Death after smoking of fentanyl, 5F-ADB, 5F-MDMB-P7AICA and other synthetic cannabinoids with a bucket bong.

PURPOSE: We report a case of a polydrug user who consumed various synthetic cannabinoids and fentanyl from a transdermal patch via a bucket bong. Toxicological results from postmortem matrices with special focus on synthetic cannabinoids are discussed in terms of their relevance to the death. METHODS: The samples were analyzed by toxicological screening procedures involving immunoassays and gas chromatography-mass spectrometry (GC-MS) as well as quantitative analyses by means of GC-MS and high-performance liquid chromatography-tandem mass spectrometry (LC-MS/MS).
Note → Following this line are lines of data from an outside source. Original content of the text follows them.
(* Let $G$ be a residually finite group and let $A$ be a finite set. Suppose that $X \subset A^G$ is a strongly irreducible subshift of finite type and that there exists a periodic configuration in $X$. Then the set of periodic configurations of $X$ is dense in $X$.
   Context: $A^G=\{x\colon G\to A\}$ carries the prodiscrete topology (product of discrete topologies) and the $G$-shift action $(gx)(h)=x(g^{-1}h)$ for $g,h\in G$. A subshift is a closed $G$-invariant subset of $A^G$. A configuration $x$ is periodic if its $G$-orbit is finite. For a finite $\Omega\subset G$ and $x\in A^G$, $x|_\Omega$ denotes the restriction. A subshift $X$ is of finite type if there are a finite $\Omega\subset G$ and $\mathcal P\subset A^\Omega$ with $X=\{x\in A^G : (gx)|_\Omega\in\mathcal P \text{ for all } g\in G\}$. For finite $\Delta\subset G$, $X$ is $\Delta$-irreducible if whenever $\Omega_1,\Omega_2$ are finite subsets of $G$ with $\Omega_1\Delta^{-1}\cap\Omega_2=\varnothing$ and $x_1,x_2\in X$, there is $x\in X$ with $x|_{\Omega_1}=x_1|_{\Omega_1}$ and $x|_{\Omega_2}=x_2|_{\Omega_2}$. $X$ is strongly irreducible if it is $\Delta$-irreducible for some finite $\Delta\subset G$. A group is residually finite if the intersection of its finite-index subgroups is trivial. *)

From Stdlib Require List.
From HB Require Import structures.
From mathcomp Require Import all_boot.
From mathcomp Require Import monoid.
Set Implicit Arguments. Unset Strict Implicit. Unset Printing Implicit Defensive.

Local Open Scope group_scope.

Section Shifts.
Variables (G : groupType) (A : finType).

(* Configurations: A^G = G -> A. Finite subsets of G are represented by lists. *)

Definition shift (g : G) (x : G -> A) : G -> A := fun h => x (g^-1 * h).

Definition agree_on (Omega : seq G) (x y : G -> A) : Prop :=
  forall h, h \in Omega -> x h = y h.

Definition cylinder (Omega : seq G) (x : G -> A) : (G -> A) -> Prop :=
  fun y => agree_on Omega x y.

Definition pd_open (U : (G -> A) -> Prop) : Prop :=
  forall x, U x -> exists Omega : seq G, forall y, cylinder Omega x y -> U y.

Definition pd_closed (X : (G -> A) -> Prop) : Prop :=
  pd_open (fun x => ~ X x).

Definition dense_in (D X : (G -> A) -> Prop) : Prop :=
  (forall x, D x -> X x) /\
  forall U, pd_open U -> (exists x, X x /\ U x) -> exists y, D y /\ U y.

Definition shift_invariant (X : (G -> A) -> Prop) : Prop :=
  forall g x, X x -> X (shift g x).

Definition subshift (X : (G -> A) -> Prop) : Prop :=
  pd_closed X /\ shift_invariant X.

Definition periodic (x : G -> A) : Prop :=
  exists s : seq (G -> A), forall g, List.In (shift g x) s.

Definition restr (Omega : seq G) (x : G -> A) : seq A := map x Omega.

Definition finite_type (X : (G -> A) -> Prop) : Prop :=
  exists (Omega : seq G) (P : seq A -> Prop),
    forall x, X x <-> (forall g, P (restr Omega (shift g x))).

Definition irreducible_wrt (Delta : seq G) (X : (G -> A) -> Prop) : Prop :=
  forall Omega1 Omega2 : seq G,
    (forall a d, a \in Omega1 -> d \in Delta -> (a * d^-1) \notin Omega2) ->
    forall x1 x2, X x1 -> X x2 ->
      exists x, X x /\ agree_on Omega1 x x1 /\ agree_on Omega2 x x2.

Definition strongly_irreducible (X : (G -> A) -> Prop) : Prop :=
  exists Delta : seq G, irreducible_wrt Delta X.

End Shifts.

Section ResFin.
Variable G : groupType.
Local Open Scope group_scope.

Definition is_subgroup (H : G -> Prop) : Prop :=
  H 1 /\ (forall a b, H a -> H b -> H (a * b)) /\ (forall a, H a -> H a^-1).

Definition finite_index (H : G -> Prop) : Prop :=
  exists s : seq G, forall g, exists2 t, t \in s & H (t^-1 * g).

Definition residually_finite : Prop :=
  forall g : G, (forall H, is_subgroup H -> finite_index H -> H g) -> g = 1.

End ResFin.

From HB Require Import structures.
From mathcomp Require Import all_boot.
From mathcomp Require Import monoid.
From mathcomp Require Import boolp.
Set Implicit Arguments. Unset Strict Implicit. Unset Printing Implicit Defensive.

(* Glue a configuration x of X, on a finite window E, to the periodic point p
   by strong irreducibility: the result z agrees with x on E and with p on a
   finite collar C \ C0 around C0 = E u E Delta^-1.  Residual finiteness gives a
   finite-index subgroup N, inside the stabilizer of p, whose translates N c
   (c in C) are pairwise distinct.  Copying z on each coset N c and p elsewhere
   gives an N-invariant, hence periodic, configuration y that agrees with x on E.
   Each window of y of the finite-type shape M is either a window of a translate
   of z (if it meets some N c0, c0 in C0, since C contains C0 M^-1 M) or a window
   of a translate of p, so y lies in X. *)

Local Open Scope group_scope.

Lemma InP (T : eqType) (t : T) (s : seq T) : reflect (List.In t s) (t \in s).
Proof.
elim: s => [|a s IH] /=; first by right.
rewrite inE; apply: (iffP orP) => [[/eqP ->|/IH]|[->|/IH]]; by [left|right].
Qed.

Section ShiftAction.
Variables (G : groupType) (A : finType).
Implicit Types (g h k : G) (x : G -> A).

Lemma shiftM g h x : shift g (shift h x) = shift (g * h) x.
Proof. by apply: funext => u; rewrite /shift invgM mulgA. Qed.

Lemma shift1 x : shift 1 x = x.
Proof. by apply: funext => u; rewrite /shift invg1 mul1g. Qed.

Definition stabilizer x : G -> Prop := fun g => shift g x = x.

Lemma stabilizerP x k h : stabilizer x k -> x (k * h) = x h.
Proof. by move=> /(congr1 (@^~ (k * h))); rewrite /shift mulKg. Qed.

Lemma is_subgroup_stabilizer x : is_subgroup (stabilizer x).
Proof.
split; first exact: shift1.
split; first by move=> a b Ha Hb; rewrite /stabilizer -shiftM Hb Ha.
by move=> a Ha; rewrite /stabilizer -{1}Ha shiftM mulVg shift1.
Qed.

Lemma finite_type_windows (M : seq G) (P : seq A -> Prop) X y :
    (forall x, X x <-> forall g, P (restr M (shift g x))) ->
    (forall g, exists2 x, X x & exists g', restr M (shift g y) = restr M (shift g' x)) ->
  X y.
Proof.
move=> XP windows; apply/XP => g.
have [x Xx [g' ->]] := windows g.
exact: (proj1 (XP x) Xx).
Qed.

End ShiftAction.

Section FiniteIndex.
Variable G : groupType.
Implicit Types (H K N : G -> Prop).

Definition witness (T : Type) (Q : T -> G -> Prop) (a : T) : G :=
  if pselect (exists g, Q a g) is left ex then projT1 (cid ex) else 1.

Lemma witnessP (T : Type) (Q : T -> G -> Prop) a :
  (exists g, Q a g) -> Q a (witness Q a).
Proof. by rewrite /witness; case: pselect => // ex _; apply: projT2. Qed.

Lemma is_subgroupI H K :
  is_subgroup H -> is_subgroup K -> is_subgroup (fun g => H g /\ K g).
Proof.
move=> [H1 [HM HV]] [K1 [KM KV]]; split=> //; split.
  by move=> a b [Ha Ka] [Hb Kb]; split; [apply: HM | apply: KM].
by move=> a [Ha Ka]; split; [apply: HV | apply: KV].
Qed.

Lemma is_subgroup_lcoset_trans H t r g :
  is_subgroup H -> H (t^-1 * r) -> H (t^-1 * g) -> H (r^-1 * g).
Proof.
move=> [_ [HM HV]] Htr Htg.
have -> : r^-1 * g = (t^-1 * r)^-1 * (t^-1 * g) by rewrite invgM invgK mulgA mulgK.
exact: HM (HV _ Htr) Htg.
Qed.

Lemma is_subgroup_rcoset_trans H h a b :
  is_subgroup H -> H (h * a^-1) -> H (h * b^-1) -> H (a * b^-1).
Proof.
move=> [_ [HM HV]] Hha Hhb.
have -> : a * b^-1 = (h * a^-1)^-1 * (h * b^-1) by rewrite invgM invgK mulgA mulgVK.
exact: HM (HV _ Hha) Hhb.
Qed.

Lemma finite_indexI H K : is_subgroup H -> is_subgroup K ->
  finite_index H -> finite_index K -> finite_index (fun g => H g /\ K g).
Proof.
move=> H_sub K_sub [s1 Hs1] [s2 Ks2].
(* one representative for each nonempty intersection of cosets t1 H and t2 K *)
pose Q (t : G * G) r := H (t.1^-1 * r) /\ K (t.2^-1 * r).
exists [seq witness Q t | t <- [seq (t1, t2) | t1 <- s1, t2 <- s2]] => g.
have [t1 t1s Hg] := Hs1 g; have [t2 t2s Kg] := Ks2 g.
have [Hr Kr] : Q (t1, t2) (witness Q (t1, t2)) by apply: witnessP; exists g.
exists (witness Q (t1, t2)); first by rewrite map_f ?allpairs_f.
by split; [exact: is_subgroup_lcoset_trans H_sub Hr Hg | exact: is_subgroup_lcoset_trans K_sub Kr Kg].
Qed.

Lemma periodic_stabilizer_finite_index (A : finType) (x : G -> A) :
  periodic x -> finite_index (stabilizer x).
Proof.
move=> [s orbit]; pose Q (f : G -> A) r := shift r x = f.
exists [seq witness Q f | f <- s] => g.
have Qg : Q (shift g x) (witness Q (shift g x)) by apply: witnessP; exists g.
exists (witness Q (shift g x)); first by apply/InP; apply: List.in_map.
move: (witness Q _) Qg => t; rewrite /Q => Qt.
by rewrite /stabilizer -shiftM -Qt shiftM mulVg shift1.
Qed.

Lemma residually_finite_separating : residually_finite G -> forall S : seq G,
  exists K, is_subgroup K /\ finite_index K /\ forall a, a \in S -> K a -> a = 1.
Proof.
move=> RF; elim=> [|a S [K [K_sub [K_fin K_sep]]]].
  exists (fun=> True); split; first by do !split.
  by split=> //; exists [:: 1] => g; exists 1; rewrite ?inE.
have [H [H_sub [H_fin Ha]]] : exists H, is_subgroup H /\ finite_index H /\ (H a -> a = 1).
  have [-> | a1] := eqVneq a 1; first by exists K.
  apply: contrapT => noH; case/eqP: a1; apply: RF => H H_sub H_fin.
  by apply: contrapT => nHa; apply: noH; exists H.
exists (fun g => K g /\ H g); split; first exact: is_subgroupI.
split; first exact: finite_indexI.
by move=> b; rewrite inE => /predU1P[-> [_] | bS [Kb _]]; [exact: Ha | exact: K_sep].
Qed.

Lemma periodic_of_invariant (A : finType) N (y : G -> A) :
    is_subgroup N -> finite_index N -> (forall k h, N k -> y (k * h) = y h) ->
  periodic y.
Proof.
move=> [_ [_ NV]] [s Ns] yN.
exists [seq shift t y | t <- s] => g.
have [t ts Ntg] := Ns g.
suff -> : shift g y = shift t y by apply: (List.in_map (fun t => shift t y)); apply/InP.
apply: funext => h; rewrite /shift.
have -> : g^-1 * h = (t^-1 * g)^-1 * (t^-1 * h) by rewrite invgM invgK mulgA mulgK.
exact: yN _ _ (NV _ Ntg).
Qed.

End FiniteIndex.

Section Periodization.
Variables (G : groupType) (A : finType) (N : G -> Prop) (C : seq G) (z p : G -> A).
Hypothesis N_subgroup : is_subgroup N.
Hypothesis N_separates : forall c c', c \in C -> c' \in C -> N (c * c'^-1) -> c = c'.
Hypothesis N_fixes_p : forall k, N k -> stabilizer p k.

Definition in_coset (h c : G) : bool := `[< N (h * c^-1) >].

Definition periodize (h : G) : A :=
  if has (in_coset h) C then z (nth 1 C (find (in_coset h) C)) else p h.

Lemma periodize_coset h c : c \in C -> N (h * c^-1) -> periodize h = z c.
Proof.
move=> cC Nhc; have hasC : has (in_coset h) C by apply/hasP; exists c => //; apply/asboolP.
rewrite /periodize hasC; congr z; apply: N_separates => //.
  by rewrite mem_nth // -has_find.
by apply: is_subgroup_rcoset_trans N_subgroup _ Nhc; apply/asboolP/(nth_find 1 hasC).
Qed.

Lemma periodize_on c : c \in C -> periodize c = z c.
Proof. by move=> cC; apply: periodize_coset; rewrite // mulgV; case: N_subgroup. Qed.

Lemma periodizeN k h : N k -> periodize (k * h) = periodize h.
Proof.
move=> Nk; have [_ [NM NV]] := N_subgroup.
have same_coset : in_coset (k * h) =1 in_coset h.
  move=> c; apply/asboolP/asboolP => [|Nhc]; last by rewrite -mulgA; apply: NM.
  by move/(NM _ _ (NV _ Nk)); rewrite !mulgA mulVg mul1g.
by rewrite /periodize (eq_has same_coset) (eq_find same_coset) (stabilizerP _ (N_fixes_p Nk)).
Qed.

Lemma periodize_off (C0 : seq G) h :
    (forall c, c \in C -> c \notin C0 -> z c = p c) ->
    (forall c0, c0 \in C0 -> ~ N (h * c0^-1)) ->
  periodize h = p h.
Proof.
move=> zp offC0.
case: (pselect (exists2 c, c \in C & N (h * c^-1))) => [[c cC Nhc] | noC].
  rewrite (periodize_coset cC Nhc) zp //; last by apply/negP => /offC0.
  by rewrite -(mulgVK c h) (stabilizerP _ (N_fixes_p Nhc)).
rewrite /periodize; case: hasP => // -[c cC /asboolP Nhc].
by case: noC; exists c.
Qed.

Lemma periodize_mem (X : (G -> A) -> Prop) (M : seq G) (P : seq A -> Prop) (C0 : seq G) :
    (forall x, X x <-> forall g, P (restr M (shift g x))) -> X z -> X p ->
    (forall c0 m w, c0 \in C0 -> m \in M -> w \in M -> c0 * m^-1 * w \in C) ->
    (forall c, c \in C -> c \notin C0 -> z c = p c) ->
  X periodize.
Proof.
move=> XP Xz Xp C0MM zp; apply: finite_type_windows XP _ => g.
case: (pselect (exists m c0, m \in M /\ c0 \in C0 /\ N (g^-1 * m * c0^-1)))
  => [[m [c0 [mM [c0C0 Ng]]]] | none].
  exists z => //; exists (m * c0^-1); apply/eq_in_map => w wM.
  rewrite /shift invgM invgK; apply: periodize_coset; first exact: C0MM.
  by rewrite !invgM !invgK !mulgA mulgK.
exists p => //; exists g; apply/eq_in_map => w wM.
by apply: (periodize_off zp) => c0 c0C0 Nwc0; apply: none; exists w, c0.
Qed.

End Periodization.

Section Approximation.
Variables (G : groupType) (A : finType).

Lemma dense_in_of_approximation (D X : (G -> A) -> Prop) :
    (forall x, D x -> X x) ->
    (forall x, X x -> forall E : seq G, exists y, D y /\ agree_on E x y) ->
  dense_in D X.
Proof.
move=> DX approx; split=> // U U_open [x [Xx Ux]].
have [E EU] := U_open x Ux; have [y [Dy xy]] := approx x Xx E.
by exists y; split=> //; apply: EU.
Qed.

Lemma periodic_approximation (X : (G -> A) -> Prop) (p : G -> A) :
    residually_finite G -> finite_type X -> strongly_irreducible X ->
    X p -> periodic p ->
  forall x, X x -> forall E : seq G, exists y, (X y /\ periodic y) /\ agree_on E x y.
Proof.
move=> RF [M [P XP]] [Delta irr] Xp p_per x Xx E.
pose C0 := E ++ [seq e * d^-1 | e <- E, d <- Delta].
pose C := C0 ++ [seq c0 * mw | c0 <- C0, mw <- [seq m^-1 * w | m <- M, w <- M]].
have [z [Xz [zx zp]]] : exists z, X z /\ agree_on E z x /\ agree_on [seq c <- C | c \notin C0] z p.
  apply: irr Xx Xp => e d eE dD; rewrite mem_filter mem_cat negb_and negbK.
  by rewrite (allpairs_f (fun e d => e * d^-1)) ?orbT.
have [K [K_sub [K_fin K_sep]]] :=
  residually_finite_separating RF [seq c * c'^-1 | c <- C, c' <- C].
pose N g := stabilizer p g /\ K g.
have N_sub : is_subgroup N := is_subgroupI (is_subgroup_stabilizer p) K_sub.
have N_sep c c' : c \in C -> c' \in C -> N (c * c'^-1) -> c = c'.
  move=> cC c'C [_ Kcc']; apply/eqP; rewrite -divg_eq1; apply/eqP.
  exact: K_sep (allpairs_f _ cC c'C) Kcc'.
have N_fix k : N k -> stabilizer p k by case.
exists (periodize N C z p); split; first split.
- apply: (periodize_mem N_sub N_sep N_fix (C0 := C0) XP Xz Xp) => [c0 m w c0C0 mM wM | c cC cC0].
    rewrite mem_cat -mulgA; apply/orP; right.
    by apply: (allpairs_f (fun c0 mw => c0 * mw)) => //; apply: (allpairs_f (fun m w => m^-1 * w)).
  by apply: zp; rewrite mem_filter cC0.
- apply: (periodic_of_invariant N_sub); last exact: periodizeN.
  exact: finite_indexI (is_subgroup_stabilizer p) K_sub
    (periodic_stabilizer_finite_index p_per) K_fin.
- by move=> e eE; rewrite periodize_on ?zx // !mem_cat eE.
Qed.

End Approximation.

Theorem theorem1p1 (G : groupType) (A : finType) (X : (G -> A) -> Prop) :
  residually_finite G ->
  subshift X -> finite_type X -> strongly_irreducible X ->
  (exists x, X x /\ periodic x) ->
  dense_in (fun x => X x /\ periodic x) X.
Proof.
move=> RF _ X_ft X_irr [p [Xp p_per]].
apply: dense_in_of_approximation => [x [] // | ].
exact: periodic_approximation X_ft X_irr Xp p_per.
Qed.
RESULTS: At the autopsy, coronary artery disease and signs of liver congestion were noted, in the absence of acute myocardial ischemic changes. Femoral blood concentrations of fentanyl and pregabalin were 14 ng/mL and 3,200 ng/mL, respectively. In addition, 2.7 ng/mL 5F-ADB and 13 ng/mL 5F-MDMB-P7AICA were detected together with relatively low amounts of 5 other synthetic cannabinoids in cardiac blood. A total number of up to 17 synthetic cannabinoids were detected in kidney, liver, urine and hair. Fentanyl and 5F-ADB were also detected in the water of the bucket bong. CONCLUSIONS: The cause of death could be attributed to an acute mixed intoxication by fentanyl and 5F-ADB (both Toxicological Significance Score (TSS) = 3) with a contribution of pregabalin and 5F-MDMB-P7AICA (TSS = 2), in a subject suffering from pre-existing heart damage. The most plausible mechanism of death consists in a respiratory depression. This case report demonstrates that use of opioids in combination with synthetic cannabinoids might be particularly dangerous.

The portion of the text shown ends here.